A chaste 17th-century bodice-ripper in which the absence of sex is as notable as the lack of plot invention, "The Bride's Journey" leans heavily on the thesping of comic lead Sergio Rubini (who directed) and gracious newcomer Giovanna Mezzogiorno. Though this lush Cecchi Gori production seems designed as family entertainment, it diplomatically co-opened the Venice Film Festival (with Woody Allen's "Deconstructing Harry") from the European side without loud protest or hosannas. While not an item for sophisticated viewers, pic should have wide enough appeal to recoup handsomely onshore and find scattered foreign takers. The fanciful tale of a crude illiterate who escorts a young noblewoman to her husband-to-be is a surprising turn for Rubini, hailed for his 1990 helming debut, "The Station." Porzia (Mezzogiorno), a spirited innocent with a porcelain face and awe-inspiring wardrobe, is sent off from her convent school in central Italy with the nuns' blessings. Her rich and noble fiance has sent an armed contingent of men led by a dashing captain (Carlo Mucari) to escort the girl to his home in the south. Before auds can tire of cinematographer Italo Petriccione's gorgeous, painterly landscapes, each recognizably inspired by Italian painters of the 1600s, bandits attack the caravan and dispatch the escort. Porzia has only Bartolo (Rubini), a humble young coachman of rough manners and dirty mien, with whom to continue the journey.

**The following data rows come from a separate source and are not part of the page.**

(* Let $a$ be a primitive element of $GF(2^m)$, $n\le 2^m-1$, $1\le k\le d\le n-1$, $g(x)=\prod_{j=1}^{n-k}(x-a^j)=\sum_{i=0}^{n-k}g_ix^i$ and $f(x)=\prod_{j=1}^{n-d}(x-a^j)=\sum_{i=0}^{n-d}f_ix^i$. Let $G_k$ be the $k\times n$ matrix whose $r$-th row ($r=1,\dots,k$) is $(0,\dots,0,g_0,\dots,g_{n-k},0,\dots,0)$ with $r-1$ leading zeros, $B$ the $(d-k)\times n$ matrix whose $r$-th row ($r=1,\dots,d-k$) is $(0,\dots,0,f_0,\dots,f_{n-d},0,\dots,0)$ with $r-1$ leading zeros, and $G=\begin{bmatrix}G_k\\ B\end{bmatrix}$. Then $G$ is a least-update-complexity matrix.
   Context: The update complexity of a matrix is the maximum, over its rows, of the number of nonzero entries in the row. Here ''least-update-complexity'' refers to matrices of the form $\begin{bmatrix}G_k'\\ B'\end{bmatrix}$ that are generator matrices of the $[n,d]$ Reed–Solomon code generated by $f(x)$ and whose first $k$ rows $G_k'$ form a generator matrix of the $[n,k]$ Reed–Solomon code generated by $g(x)$ (the form required for the minimum-bandwidth regenerating code); $G$ has the minimum update complexity among all such matrices. A Reed–Solomon code generated by $h(x)$ is the set of vectors in $GF(2^m)^n$ whose polynomial $\sum_i c_ix^i$ is divisible by $h(x)$. *)

From mathcomp Require Import all_boot all_order all_algebra.
Set Implicit Arguments. Unset Strict Implicit. Unset Printing Implicit Defensive.
Import GRing.Theory.
Local Open Scope ring_scope.

Definition poly_of_vec (F : fieldType) (n : nat) (c : 'rV[F]_n) : {poly F} :=
  \sum_(i < n) c 0 i *: 'X^i.

Definition RS_code (F : fieldType) (n : nat) (h : {poly F}) (c : 'rV[F]_n) : bool :=
  h %| poly_of_vec c.

Definition is_generator_matrix (F : fieldType) (r n : nat) (M : 'M[F]_(r, n))
  (C : 'rV[F]_n -> bool) : Prop :=
  row_free M /\ forall c : 'rV[F]_n, (c <= M)%MS = C c.

Definition update_complexity (F : fieldType) (r n : nat) (M : 'M[F]_(r, n)) : nat :=
  \max_(i < r) #|[pred j : 'I_n | M i j != 0%R]|.

Definition admissible (F : fieldType) (n k d : nat) (g f : {poly F})
  (Gk' : 'M[F]_(k, n)) (B' : 'M[F]_(d - k, n)) : Prop :=
  is_generator_matrix (col_mx Gk' B') (RS_code f) /\
  is_generator_matrix Gk' (RS_code g).

Definition least_update_complexity (F : fieldType) (n k d : nat) (g f : {poly F})
  (Gk : 'M[F]_(k, n)) (B : 'M[F]_(d - k, n)) : Prop :=
  admissible g f Gk B /\
  forall (Gk' : 'M[F]_(k, n)) (B' : 'M[F]_(d - k, n)),
    admissible g f Gk' B' ->
    (update_complexity (col_mx Gk B) <= update_complexity (col_mx Gk' B'))%N.

Definition shift_mx (F : fieldType) (r n : nat) (p : {poly F}) : 'M[F]_(r, n) :=
  \matrix_(i < r, j < n) (if (i <= j)%N then p`_(j - i) else 0%R).

(* The code generated by g = prod_(1 <= j <= n-k) (X - a^j) has designed distance
   n-k+1: by the BCH bound every nonzero codeword has weight at least n-k+1.  The
   first row of any admissible G_k' is such a codeword, so every admissible
   matrix has update complexity at least n-k+1, while every row of G is a shift
   of g or of f and has weight at most deg g + 1 = n-k+1.  G itself is admissible
   because g = f h with deg h = d-k, and Euclidean division by h writes any
   multiple q f with deg q < d as (q %/ h) g + (q %% h) f. *)

From mathcomp Require Import all_boot all_order all_algebra.
From mathcomp Require Import zify ring.
Set Implicit Arguments. Unset Strict Implicit. Unset Printing Implicit Defensive.
Import GRing.Theory.
Local Open Scope ring_scope.

Section ShiftMatrix.
Variable F : fieldType.
Implicit Types p : {poly F}.

Lemma poly_of_vecE n (c : 'rV[F]_n) : poly_of_vec c = rVpoly c.
Proof. by rewrite /rVpoly poly_def; apply: eq_bigr => i _; rewrite valK. Qed.

Lemma shift_mxE r n p : shift_mx r n p = lin1_mx (poly_rV \o p \o* rVpoly).
Proof.
apply/matrixP => i j; rewrite !mxE /= rVpoly_delta coefXnM ltnNge.
by case: (i <= j)%N.
Qed.

Lemma rVpoly_mul_shift_mx r n p (x : 'rV[F]_r) :
  (r + size p <= n.+1)%N -> rVpoly (x *m shift_mx r n p) = rVpoly x * p.
Proof.
move=> le_rp_n; rewrite shift_mxE mul_rV_lin1 /= poly_rV_K //.
have le_x_r : (size (rVpoly x) <= r)%N := size_poly _ _.
by apply: leq_trans (size_polyMleq _ _) _; lia.
Qed.

Definition weight n (v : 'rV[F]_n) : nat := #|[pred j | v 0 j != 0]|.

Lemma update_complexityE r n (M : 'M[F]_(r, n)) :
  update_complexity M = \max_(i < r) weight (row i M).
Proof. by apply: eq_bigr => i _; apply: eq_card => j; rewrite !inE mxE. Qed.

Lemma weight_row_le_update_complexity r n (M : 'M[F]_(r, n)) i :
  (weight (row i M) <= update_complexity M)%N.
Proof. by rewrite update_complexityE; apply: leq_bigmax. Qed.

Lemma update_complexity_col_mx r1 r2 n (A : 'M[F]_(r1, n)) (B : 'M[F]_(r2, n)) :
  update_complexity (col_mx A B) = maxn (update_complexity A) (update_complexity B).
Proof.
rewrite /update_complexity big_split_ord /=.
by congr maxn; apply: eq_bigr => i _; apply: eq_card => j;
  rewrite !inE (col_mxEu, col_mxEd).
Qed.

Lemma update_complexity_shift_mx r n p :
  (update_complexity (shift_mx r n p) <= size p)%N.
Proof.
apply/bigmax_leqP => i _; case: n => [|n].
  by rewrite (leq_trans (max_card _)) ?card_ord.
pose support := [set (inord (i + t) : 'I_n.+1) | t : 'I_(size p)].
apply: leq_trans (_ : #|support| <= _)%N; last first.
  by rewrite (leq_trans (leq_imset_card _ _)) // card_ord.
apply/subset_leq_card/subsetP => j; rewrite inE mxE.
case: leqP => [le_ij nz_coef|]; last by rewrite eqxx.
have lt_ji_p : (j - i < size p)%N.
  by rewrite ltnNge; apply: contra nz_coef => /(nth_default 0) ->.
by apply/imsetP; exists (Ordinal lt_ji_p); rewrite //= subnKC // inord_val.
Qed.

End ShiftMatrix.

Section Generators.
Variable F : fieldType.
Implicit Types p q f h : {poly F}.

Lemma rVpoly_eq0 n (u : 'rV[F]_n) : (rVpoly u == 0) = (u == 0).
Proof.
apply/eqP/eqP => [u0|->]; last exact: linear0.
by rewrite -(rVpolyK u) u0 linear0.
Qed.

Lemma generator_mx_RS_code r n p (M : 'M[F]_(r, n)) :
  (forall x, rVpoly (x *m M) = 0 -> x = 0) ->
  (forall x, p %| rVpoly (x *m M)) ->
  (forall q, (size (q * p)%R <= n)%N -> exists x, rVpoly (x *m M) = q * p) ->
  is_generator_matrix M (RS_code p).
Proof.
move=> M_inj dvd_p onto_mul; split.
  by apply: inj_row_free => x /(congr1 rVpoly); rewrite linear0; apply: M_inj.
move=> c; rewrite /RS_code poly_of_vecE; apply/idP/idP.
  by case/submxP => x ->.
case/dvdpP => q def_c; have [|x def_xM] := onto_mul q.
  by rewrite -def_c size_poly.
by apply/submxP; exists x; apply: (can_inj rVpolyK); rewrite def_xM def_c.
Qed.

Lemma size_cofactor_le r n p q :
  p != 0 -> (r + size p = n.+1)%N -> (size (q * p)%R <= n)%N -> (size q <= r)%N.
Proof.
have [->|nz_q] := eqVneq q 0; first by rewrite size_poly0.
move=> nz_p size_rp; rewrite size_mul // -ltnS prednK; last first.
  by rewrite addn_gt0 size_poly_gt0 nz_q.
by rewrite -size_rp leq_add2r.
Qed.

Lemma shift_mx_generator r n p :
  p != 0 -> (r + size p = n.+1)%N -> is_generator_matrix (shift_mx r n p) (RS_code p).
Proof.
move=> nz_p size_rp; have le_rp : (r + size p <= n.+1)%N by rewrite size_rp.
apply: generator_mx_RS_code => [x|x|q le_qp_n]; rewrite ?rVpoly_mul_shift_mx //.
- by move/eqP; rewrite mulf_eq0 (negbTE nz_p) orbF rVpoly_eq0 => /eqP.
- exact: dvdp_mull.
exists (poly_rV q).
by rewrite rVpoly_mul_shift_mx // poly_rV_K // (size_cofactor_le nz_p size_rp).
Qed.

Lemma col_shift_mx_generator r1 r2 n f h :
    f != 0 -> size h = r2.+1 -> (r1 + size (f * h)%R = n.+1)%N ->
  is_generator_matrix (col_mx (shift_mx r1 n (f * h)) (shift_mx r2 n f)) (RS_code f).
Proof.
move=> nz_f size_h size_r1fh; set M := col_mx _ _.
have nz_h : h != 0 by rewrite -size_poly_gt0 size_h.
have size_fh : size (f * h) = (size f + r2)%N by rewrite size_mul // size_h addnS.
have le_r1fh : (r1 + size (f * h)%R <= n.+1)%N by rewrite size_r1fh.
have le_r2f : (r2 + size f <= n.+1)%N by lia.
have rVpoly_xM x :
    rVpoly (x *m M) = (rVpoly (lsubmx x) * h + rVpoly (rsubmx x)) * f.
  rewrite -{1}(hsubmxK x) mul_row_col linearD /= !rVpoly_mul_shift_mx //.
  by rewrite mulrDl mulrA mulrAC.
apply: generator_mx_RS_code => [x|x|q le_qf_n]; rewrite ?rVpoly_xM.
- move/eqP; rewrite mulf_eq0 (negbTE nz_f) orbF => /eqP comb0.
  have small : (size (rVpoly (rsubmx x)) < size h)%N by rewrite size_h ltnS size_poly.
  have /eqP := divp_addl_mul_small (rVpoly (lsubmx x)) small.
  have /eqP := modp_addl_mul_small (rVpoly (lsubmx x)) small.
  rewrite comb0 div0p mod0p !(eq_sym 0) !rVpoly_eq0 => /eqP r0 /eqP l0.
  by rewrite -(hsubmxK x) l0 r0 row_mx0.
- exact: dvdp_mull.
have le_q : (size q <= r1 + r2)%N.
  by apply: (size_cofactor_le nz_f) le_qf_n; rewrite -size_r1fh size_fh addnA addnAC.
exists (row_mx (poly_rV (q %/ h)) (poly_rV (q %% h))).
rewrite rVpoly_xM row_mxKl row_mxKr !poly_rV_K -?divp_eq //.
  by rewrite -ltnS -size_h ltn_modp.
by rewrite size_divp // size_h /= leq_subLR addnC.
Qed.

End Generators.

Section BCHBound.
Variable F : fieldType.

Lemma horner_rVpoly n (v : 'rV[F]_n) x : (rVpoly v).[x] = \sum_(i < n) v 0 i * x ^+ i.
Proof.
rewrite -poly_of_vecE horner_sum; apply: eq_bigr => i _.
by rewrite hornerZ hornerXn.
Qed.

Lemma sum_horner_exp_eq0 n w (a : F) (v : 'rV[F]_n) (q : {poly F}) :
    (forall j, (0 < j <= w)%N -> (rVpoly v).[a ^+ j] = 0) -> (size q <= w)%N ->
  \sum_(i < n) v 0 i * a ^+ i * q.[a ^+ i] = 0.
Proof.
move=> roots_v le_q_w; under eq_bigr do rewrite horner_coef mulr_sumr.
rewrite exchange_big big1 // => l _ /=.
have -> : \sum_(i < n) v 0 i * a ^+ i * (q`_l * a ^+ i ^+ l) =
          q`_l * (rVpoly v).[a ^+ l.+1].
  rewrite horner_rVpoly mulr_sumr; apply: eq_bigr => i _.
  by rewrite -!exprM mulSn exprD [(l * i)%N]mulnC; ring.
by rewrite roots_v ?mulr0 // (leq_trans (ltn_ord l)).
Qed.

Lemma size_prod_XsubC_pred (T : finType) (P : pred T) (c : T -> F) :
  size (\prod_(s | P s) ('X - (c s)%:P)) = #|P|.+1.
Proof. by rewrite -big_filter size_prod_XsubC cardE [index_enum T]unlock. Qed.

Lemma bch_bound N n w (a : F) (v : 'rV[F]_n) :
    N.-primitive_root a -> (n <= N)%N -> v != 0 ->
    (forall j, (0 < j <= w)%N -> (rVpoly v).[a ^+ j] = 0) ->
  (w < weight v)%N.
Proof.
move=> prim_a le_nN nz_v roots_v; rewrite ltnNge; apply/negP => le_wt_w.
have [i0 nz_vi0] : exists i0, v 0 i0 != 0.
  apply/existsP; apply: contraR nz_v => /existsPn v0.
  by apply/eqP/rowP => j; rewrite mxE; apply/eqP/negbNE/v0.
have eq_exp (i j : 'I_n) : (a ^+ i == a ^+ j) = (i == j).
  by rewrite (eq_prim_root_expr prim_a) !modn_small ?(leq_trans _ le_nN).
have nz_a : a != 0.
  apply/eqP => a0; have := prim_expr_order prim_a.
  rewrite a0 expr0n (gtn_eqF (prim_order_gt0 prim_a)) => /eqP.
  by rewrite eq_sym oner_eq0.
(* q vanishes at a^s for every s in the support except i0, so the sum below
   reduces to its nonzero i0-th term. *)
pose P := [pred s | (s != i0) && (v 0 s != 0)].
pose q := \prod_(s | P s) ('X - (a ^+ s)%:P).
have weight_v : weight v = #|P|.+1 by rewrite /weight (cardD1 i0) inE nz_vi0.
have := sum_horner_exp_eq0 (q := q) roots_v.
rewrite size_prod_XsubC_pred -weight_v => /(_ le_wt_w) /eqP.
apply/negP; rewrite (bigD1 i0) //= big1 ?addr0.
  rewrite !mulf_neq0 ?expf_neq0 // horner_prod; apply/prodf_neq0 => s /andP[ne_s _].
  by rewrite hornerXsubC subr_eq0 eq_exp eq_sym.
move=> i ne_i; have [->|nz_vi] := eqVneq (v 0 i) 0; first by rewrite !mul0r.
by rewrite horner_prod (bigD1 i) /= ?ne_i ?nz_vi // hornerXsubC subrr mul0r mulr0.
Qed.

End BCHBound.

Lemma row_free_row_neq0 (F : fieldType) m n (M : 'M[F]_(m, n)) i :
  row_free M -> row i M != 0.
Proof.
move=> free_M; apply/eqP => row_i0.
have := rowE i M; rewrite row_i0 -(mul0mx 1 M).
move/esym/(row_free_inj free_M)/matrixP/(_ 0 i); rewrite !mxE !eqxx /=.
by apply/eqP; rewrite oner_eq0.
Qed.

Lemma size_prod_nat_XsubC (R : nzRingType) b e (c : nat -> R) :
  size (\prod_(b <= j < e) ('X - (c j)%:P)) = (e - b).+1.
Proof. by rewrite size_prod_XsubC size_iota. Qed.

Lemma root_prod_nat_XsubC (R : idomainType) b e j (c : nat -> R) :
  (b <= j < e)%N -> root (\prod_(b <= i < e) ('X - (c i)%:P)) (c j).
Proof.
move=> j_in; rewrite /root horner_prod prodf_seq_eq0.
by apply/hasP; exists j; rewrite ?mem_index_iota //= hornerXsubC subrr.
Qed.

Theorem corollary4 (F : finFieldType) (m : nat) (a : F) (n k d : nat) :
  #|F| = (2 ^ m)%N ->
  (#|F|.-1).-primitive_root a ->
  (n <= 2 ^ m - 1)%N ->
  (1 <= k)%N -> (k <= d)%N -> (d <= n - 1)%N ->
  let g := \prod_(1 <= j < (n - k).+1) ('X - (a ^+ j)%:P) in
  let f := \prod_(1 <= j < (n - d).+1) ('X - (a ^+ j)%:P) in
  least_update_complexity g f (shift_mx k n g) (shift_mx (d - k) n f).
Proof.
move=> card_F prim_a le_n_2m k_gt0 le_kd le_dn g f.
have le_n_order : (n <= #|F|.-1)%N by rewrite card_F -subn1.
pose h := \prod_((n - d).+1 <= j < (n - k).+1) ('X - (a ^+ j)%:P).
have g_fh : g = f * h by rewrite -big_cat_nat //; lia.
have size_f : size f = (n - d).+1 by rewrite size_prod_nat_XsubC subn1.
have size_g : size g = (n - k).+1 by rewrite size_prod_nat_XsubC subn1.
have size_h : size h = (d - k).+1 by rewrite size_prod_nat_XsubC; lia.
have nz_f : f != 0 by rewrite -size_poly_gt0 size_f.
have nz_g : g != 0 by rewrite -size_poly_gt0 size_g.
have size_kg : (k + size g = n.+1)%N by rewrite size_g; lia.
split=> [|Gk' B' [_ [free_Gk' code_Gk']]].
  split; last exact: shift_mx_generator.
  by rewrite g_fh; apply: col_shift_mx_generator; rewrite // -g_fh.
pose i0 : 'I_k := Ordinal k_gt0.
have upper : (update_complexity (col_mx (shift_mx k n g) (shift_mx (d - k) n f))
              <= size g)%N.
  rewrite update_complexity_col_mx geq_max update_complexity_shift_mx.
  by rewrite (leq_trans (update_complexity_shift_mx _ _ _)) // size_f size_g; lia.
have lower : (size g <= weight (row i0 Gk'))%N.
  rewrite size_g; apply: (bch_bound prim_a le_n_order (row_free_row_neq0 _ free_Gk')).
  move=> j /andP[j_gt0 le_j]; apply/eqP; apply: (root_dvdp (p := g)).
    by have := row_sub i0 Gk'; rewrite code_Gk' /RS_code poly_of_vecE.
  by apply: root_prod_nat_XsubC; rewrite j_gt0 ltnS.
rewrite (leq_trans upper) // (leq_trans lower) // update_complexity_col_mx.
by rewrite leq_max weight_row_le_update_complexity.
Qed.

Their trip on horseback is picturesque and beset with every type of misadventure, from escaping the plague to being taken prisoner by leering soldiers who ogle Porzia’s candid cleavage. World-class seducer Don Diego (veteran thesp Umberto Orsini) makes a stab at her virginity. The only respectful fellow around is Bartolo, who never forgets his charge’s destiny as noble wife and mother. As it often does, a special chemistry develops between lady and stable hand, but fans of the genre will find juicier accounts in the tabloids than Rubini cares to put on the screen. A moralistic finale seals pic as safe family fare.
Making a sparkling screen debut, young stage thesp Mezzogiorno cuts a memorable figure, in strategically loosened bodices and billowing skirts, galloping through the countryside. Wearing long hair and a drooping mustache, Rubini has fun mumbling his lines in imaginary antique dialect, but overdoes the comedy in a role where it would have been better left understated.
Though hardly meant to be realistic, the film has a sharp eye for period detail, particularly probing in photographing the faces of the commoners. Brisk cutting by editor Angelo Nicolini keeps the characters on the move through visually stunning forests, rivers and waterfalls that pleasantly substitute for expensive sets. Germano Mazzocchetti’s rousing score contributes atmosphere.